Thursday, June 25, 2009
It was my usual end-of-day confession of failure. Letters I hadn't written, phone calls I'd intended to make, opportunities for kindness I hadn't seized upon. God must be as tired of hearing these bedtime laments, I thought, as I was of making them.
That's when some drawings I'd seen that morning popped into my mind: a two-page spread in a volume of cartoons in the dentist's waiting room. There were no captions, just thirty black-and-white drawings tracing a day in the life of a cymbal player. The musician wakes up, shaves, dresses, eats breakfast, studies his score. Finally he puts his cymbals in their case, travels to the concert hall and takes his place in the percussion section of the orchestra.

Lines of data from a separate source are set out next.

(* Let $R$ be a local $\mathbb{F}_p$-algebra and let $M$ be a finitely presented $R$-module such that $F_R^*M\simeq M$, where $F_R$ is the absolute Frobenius of $R$. Then $M$ is free. *)

From HB Require Import structures.
From mathcomp Require Import all_boot all_order all_algebra.
Set Implicit Arguments. Unset Strict Implicit. Unset Printing Implicit Defensive.
Import GRing.Theory.
Local Open Scope ring_scope.

Section Defs.
Variable R : comUnitRingType.

Definition is_ideal (I : R -> Prop) : Prop :=
  I 0 /\ (forall x y, I x -> I y -> I (x + y)) /\ (forall a x, I x -> I (a * x)).

Definition maximal_ideal (I : R -> Prop) : Prop :=
  is_ideal I /\ ~ I 1 /\
  (forall J : R -> Prop, is_ideal J -> ~ J 1 -> (forall x, I x -> J x) ->
     forall x, J x -> I x).

Definition local_ring : Prop :=
  exists I, maximal_ideal I /\
    forall J, maximal_ideal J -> forall x, J x <-> I x.

Definition Fp_algebra (p : nat) : Prop := prime p /\ (p%:R : R) = 0.

Definition Rlinear (U V : lmodType R) (f : U -> V) : Prop :=
  forall (a : R) (u v : U), f (a *: u + v) = a *: f u + f v.

Definition frob_linear (p : nat) (U V : lmodType R) (f : U -> V) : Prop :=
  (forall u v : U, f (u + v) = f u + f v) /\
  (forall (a : R) (u : U), f (a *: u) = a ^+ p *: f u).

(* (N, phi) is the Frobenius pullback F_R^* M = R (x)_{F_R, R} M, characterized
   by its universal property: phi : M -> N is p-linear and every p-linear map
   M -> N' factors uniquely through an R-linear map N -> N'. *)
Definition is_frob_pullback (p : nat) (M N : lmodType R) (phi : M -> N) : Prop :=
  frob_linear p phi /\
  forall (N' : lmodType R) (psi : M -> N'), frob_linear p psi ->
    exists g : N -> N', Rlinear g /\ (forall m, psi m = g (phi m)) /\
      forall g' : N -> N', Rlinear g' -> (forall m, psi m = g' (phi m)) ->
        forall x, g' x = g x.

Definition frob_pullback_iso (p : nat) (M : lmodType R) : Prop :=
  exists phi : M -> M, is_frob_pullback p phi.

Definition finitely_presented (M : lmodType R) : Prop :=
  exists (n m : nat) (f : 'rV[R]_n -> M) (g : 'rV[R]_m -> 'rV[R]_n),
    Rlinear f /\ Rlinear g /\ (forall x : M, exists u, f u = x) /\
    (forall u, f u = 0 <-> exists w, g w = u).

Definition free_module (M : lmodType R) : Prop :=
  exists (I : Type) (e : I -> M),
    (forall (n : nat) (idx : 'I_n -> I) (c : 'I_n -> R), injective idx ->
       \sum_(i < n) c i *: e (idx i) = 0 -> forall i, c i = 0) /\
    (forall x : M, exists (n : nat) (idx : 'I_n -> I) (c : 'I_n -> R),
       x = \sum_(i < n) c i *: e (idx i)).
End Defs.

(* Choose a generating family x of M of minimal size and, M being finitely
   presented, a matrix W whose rows span the relations of x; by minimality no
   entry of W is a unit.  Testing the universal property of phi : M -> F^*M on
   an explicit model shows that phi(x) generates F^*M and that its relations
   are spanned by the rows of W^(p), the entrywise p-th power of W.  When
   F^*M = M this gives matrices Q, P with x = Q phi(x) and phi(x) = P x, hence
   W Q = B W^(p) and 1 - Q P = T W, so that
     W = W (Q P + T W) = B W^(p) P + (W T) W.
   Since p > 1 and R is local, every entry of W then lies in m I, where I is
   the ideal generated by the entries of W and m the maximal ideal; by
   Nakayama W = 0, i.e. x is a basis of M. *)

From HB Require Import structures.
From mathcomp Require Import all_boot all_order all_algebra.
From mathcomp Require Import perm boolp classical_sets.
Set Implicit Arguments. Unset Strict Implicit. Unset Printing Implicit Defensive.
Import GRing.Theory.
Local Open Scope ring_scope.

Section LocalRing.
Variable R : comUnitRingType.
Implicit Types a b : R.

Lemma nonunit_maximal_ideal a : a \notin GRing.unit ->
  exists I, maximal_ideal I /\ I a.
Proof.
move=> Na; pose proper_with_a (A : set R) := [/\ is_ideal A, ~ A 1 & A a].
(* Chains may be empty, so [set0] has to be admitted. *)
pose P (A : set R) := A = set0 \/ proper_with_a A.
have chainP F : (F `<=` P)%classic -> total_on F subset -> P (\bigcup_(X in F) X)%classic.
  move=> FP Ftot.
  have FXP X x : F X -> X x -> proper_with_a X.
    by move=> FX Xx; case: (FP X FX) => // X0; rewrite X0 in Xx.
  have [[X FX [x Xx]]|F0] := pselect (exists2 X, F X & exists x, X x); last first.
    left; apply/seteqP; split=> // y [Y FY Yy].
    by case: F0; exists Y => //; exists y.
  have [[X0 _] _ Xa] := FXP X x FX Xx.
  right; split; [split; [|split]| |]; first by exists X.
  - move=> y z [Y FY Yy] [Z FZ Zz]; have [YZ|ZY] := Ftot Y Z FY FZ.
      have [[_ [ZD _]] _ _] := FXP Z z FZ Zz; exists Z => //; exact: ZD (YZ y Yy) Zz.
    have [[_ [YD _]] _ _] := FXP Y y FY Yy; exists Y => //; exact: YD Yy (ZY z Zz).
  - by move=> r y [Y FY Yy]; exists Y => //; have [[_ [_ YM]] _ _] := FXP Y y FY Yy; apply: YM.
  - by move=> [Y FY Y1]; have [] := FXP Y 1 FY Y1.
  - by exists X.
have [A [PA Amax]] := Zorn_bigcup chainP.
have Ra : proper_with_a (fun y => exists r, y = r * a).
  split; [split; [|split]| |].
  - by exists 0; rewrite mul0r.
  - by move=> _ _ [r ->] [s ->]; exists (r + s); rewrite mulrDl.
  - by move=> r _ [s ->]; exists (r * s); rewrite mulrA.
  - by move=> [r /esym ra1]; case/negP: Na; apply/unitrPr; exists r; rewrite mulrC.
  - by exists 1; rewrite mul1r.
have [Aideal A1 Aa] : proper_with_a A.
  case: PA => // A0; case: (Amax _ _ (or_intror Ra)); rewrite A0.
  by split=> // /(_ a); apply; case: Ra.
exists A; split=> //; split=> //; split=> // J Jideal J1 AJ y Jy.
have [//|nAy] := pselect (A y).
case: (Amax J); last by right; split=> //; apply: AJ.
by split=> // /(_ y Jy).
Qed.

Hypothesis loc : local_ring R.

Lemma local_nonunitD a b : a \notin GRing.unit -> b \notin GRing.unit ->
  a + b \notin GRing.unit.
Proof.
have [I [[[_ [ID IM]] [I1 _]] uniqI]] := loc.
have memI c : c \notin GRing.unit -> I c.
  by move=> /nonunit_maximal_ideal [J [maxJ Jc]]; apply/(uniqI J maxJ).
move=> /memI Ia /memI Ib; apply/negP => abU.
by apply: I1; rewrite -(mulVr abU); apply/IM/ID.
Qed.

Lemma local_nonunit_sum (I : finType) (P : pred I) (F : I -> R) :
  (forall i, P i -> F i \notin GRing.unit) -> \sum_(i | P i) F i \notin GRing.unit.
Proof.
move=> FN; apply: (big_ind (fun c => c \notin GRing.unit)) => //.
- by rewrite unitr0.
- exact: local_nonunitD.
Qed.

Lemma local_unitD a b : a \is a GRing.unit -> b \notin GRing.unit ->
  a + b \is a GRing.unit.
Proof.
move=> aU bN; apply: contraT => abN.
by move: (local_nonunitD abN (b := - b)); rewrite unitrN addrK aU; apply.
Qed.

(* The identity permutation contributes a unit to the determinant, any other
   one a nonunit off-diagonal factor. *)
Lemma local_unitmx1B n (U : 'M[R]_n) :
  (forall i j, U i j \notin GRing.unit) -> 1%:M - U \in unitmx.
Proof.
move=> UN; rewrite unitmxE /determinant (bigD1 (1%g : 'S_n)) //= odd_perm1 mul1r.
apply: local_unitD.
  by rewrite unitr_prod // => i _; rewrite perm1 !mxE eqxx local_unitD ?unitr1 ?unitrN.
apply: local_nonunit_sum => s s1.
have [i si] : exists i, s i != i.
  apply/existsP; rewrite -negb_forall; apply: contra s1 => /forallP s1.
  by apply/eqP/permP => i; rewrite perm1; apply/eqP.
rewrite (bigD1 i) //= !mxE eq_sym (negbTE si) sub0r.
by rewrite !unitrM unitrN (negbTE (UN _ _)) !andbF.
Qed.

Definition nonunit_span (I : finType) (s : I -> R) (r : R) :=
  exists u : I -> R, (forall i, u i \notin GRing.unit) /\ r = \sum_i u i * s i.

Section NonunitSpan.
Variables (I : finType) (s : I -> R).

Lemma nonunit_span_gen u i : u \notin GRing.unit -> nonunit_span s (u * s i).
Proof.
move=> uN; exists (fun j => (j == i)%:R * u); split.
  by move=> j; case: eqP => _; rewrite ?mul1r ?mul0r ?unitr0.
rewrite (bigD1 i) //= eqxx mul1r big1 ?addr0 // => j /negbTE->.
by rewrite !mul0r.
Qed.

Lemma nonunit_spanMl a r : nonunit_span s r -> nonunit_span s (a * r).
Proof.
move=> [u [uN ->]]; exists (fun i => a * u i); split; last first.
  by rewrite mulr_sumr; apply: eq_bigr => i _; rewrite mulrA.
by move=> i; rewrite unitrM (negbTE (uN i)) andbF.
Qed.

Lemma nonunit_spanMr a r : nonunit_span s r -> nonunit_span s (r * a).
Proof. by rewrite mulrC; apply: nonunit_spanMl. Qed.

Lemma nonunit_spanD r r' : nonunit_span s r -> nonunit_span s r' -> nonunit_span s (r + r').
Proof.
move=> [u [uN ->]] [v [vN ->]]; exists (fun i => u i + v i); split.
  by move=> i; apply: local_nonunitD.
by rewrite -big_split; apply: eq_bigr => i _; rewrite mulrDl.
Qed.

Lemma nonunit_span_sum (J : finType) (F : J -> R) :
  (forall j, nonunit_span s (F j)) -> nonunit_span s (\sum_j F j).
Proof.
move=> FJ; apply: (big_ind (nonunit_span s)) => //; last exact: nonunit_spanD.
by exists (fun=> 0); split=> [i|]; rewrite ?unitr0 // big1 // => i _; rewrite mul0r.
Qed.
End NonunitSpan.

Lemma local_nakayama (I : finType) (s : I -> R) :
  (forall i, nonunit_span s (s i)) -> forall i, s i = 0.
Proof.
move=> /choice [u us]; pose e := @enum_val I (mem predT).
pose U := \matrix_(k, l) u (e k) (e l); pose S := \col_k s (e k).
have SUS : (1%:M - U) *m S = 0.
  apply/matrixP => k l; rewrite mulmxBl mul1mx !mxE.
  have [_ ->] := us (e k); rewrite big_enum_val; apply/eqP; rewrite subr_eq0.
  by apply/eqP/eq_bigr => m _; rewrite !mxE.
have UN k l : U k l \notin GRing.unit by rewrite mxE; case: (us (e k)).
have S0 : S = 0 by rewrite -[S](mulKmx (local_unitmx1B UN)) SUS mulmx0.
by move=> i; have /matrixP/(_ (enum_rank i) 0) := S0; rewrite !mxE /e enum_rankK.
Qed.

He waits quietly through most of the program. As his time to perform approaches, he seizes the cymbals and stands up, breathlessly watching the conductor's baton. The big moment comes! He clashes the cymbals together, one ringing, reverberating, perfectly timed note.
His allotted role accomplished, he leaves the stage, puts on hat and coat, travels home, enjoys dinner, yawns, puts on his pajamas, brushes his teeth, and goes to bed supremely content.

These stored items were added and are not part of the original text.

Lemma preorbit_sup_nonneg x : 0 <= preorbit_sup x.
Proof. apply (preorbit_sup_ge x 0 x). reflexivity. Qed.

Lemma preorbit_sup_bounded x : Rabs (preorbit_sup x) <= K.
Proof.
  rewrite Rabs_right by (apply Rle_ge, preorbit_sup_nonneg).
  apply preorbit_sup_le. intros; apply birkhoff_le_K.
Qed.

(** Sub-action inequality: a preimage of [x] of length [n] extends to a
    preimage of [σ x] of length [n+1], gaining [A x - β]. *)
Lemma preorbit_sup_subaction x : A x + preorbit_sup x - preorbit_sup (shift x) <= beta.
Proof.
  assert (preorbit_sup x <= preorbit_sup (shift x) - A x + beta); [|lra].
  apply preorbit_sup_le. intros n y Hy.
  pose proof (preorbit_sup_ge (shift x) (S n) y ltac:(simpl; rewrite Hy; reflexivity)) as Hge.
  unfold birkhoff in *. simpl fsum in Hge. rewrite Hy in Hge. lra.
Qed.

(** Minimality: any nonnegative [u] with [A + u - u∘σ ≤ β] dominates the
    Birkhoff sums, since they telescope to [u(σ^n y) - u y ≤ u(σ^n y)]. *)
Lemma preorbit_sup_minimal (u : Sigma M -> R) :
  (forall x, A x + u x - u (shift x) <= beta) -> (forall x, 0 <= u x) ->
  forall x, preorbit_sup x <= u x.
Proof.
  intros Hsub Hu0 x.
  assert (Htele : forall n y, birkhoff A beta n y <= u (iterS n y) - u y).
  { unfold birkhoff. induction n as [|n IH]; intros y; simpl; [lra|].
    specialize (IH y). specialize (Hsub (iterS n y)). lra. }
  apply preorbit_sup_le. intros n y Hy. specialize (Htele n y). specialize (Hu0 y).
  rewrite Hy in Htele. lra.
Qed.

(** Hölder regularity: a preimage of [x] can be spliced onto any [x'] close
    to [x], and bounded distortion controls the change of the Birkhoff sum. *)
Lemma preorbit_sup_holder lam H :
  0 < lam < 1 -> 0 < H ->
  (forall k, (1 <= k)%nat -> forall x y, agree k x y -> A x - A y <= H * lam ^ k) ->
  locally_holder lam preorbit_sup.
Proof.
  intros Hl HH HA. exists (H * (lam / (1 - lam))).
  split; [apply Rmult_lt_0_compat; [exact HH | apply Rdiv_lt_0_compat; lra]|].
  intros k Hk x x' Hxx.
  assert (preorbit_sup x <= preorbit_sup x' + H * lam ^ k * (lam / (1 - lam))); [|lra].
  apply preorbit_sup_le. intros n y Hy.
  assert (Hy0 : y n = x' 0%nat).
  { rewrite <- (Nat.add_0_r n), <- iterS_app, Hy. apply Hxx. lia. }
  destruct (splice M y x' n Hy0) as [y' [Hyy' Hy']].
  pose proof (preorbit_sup_ge x' n y' Hy').
  assert (fsum n (fun i => A (iterS i y)) - fsum n (fun i => A (iterS i y'))
            <= H * lam ^ k * (lam / (1 - lam))).
  { apply bounded_distortion; auto. intros j Hj. destruct (Nat.lt_ge_cases j n).
    - symmetry; auto.
    - replace j with (n + (j - n))%nat by lia. rewrite <- !iterS_app, Hy, Hy'.
      apply Hxx. lia. }
  rewrite !birkhoff_eq in *. lra.
Qed.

The cymbal player has done the one thing required of him. And was I, I wondered, remembering that picture-story, so capable and important—so central to God's plan—that He asked more of me? Maybe in the multiplicity of each day's events there was a single assignment for me. Maybe if I watched the Conductor more closely I would discover what it was.
Faithful Lord, what one thing have You for me to do this day?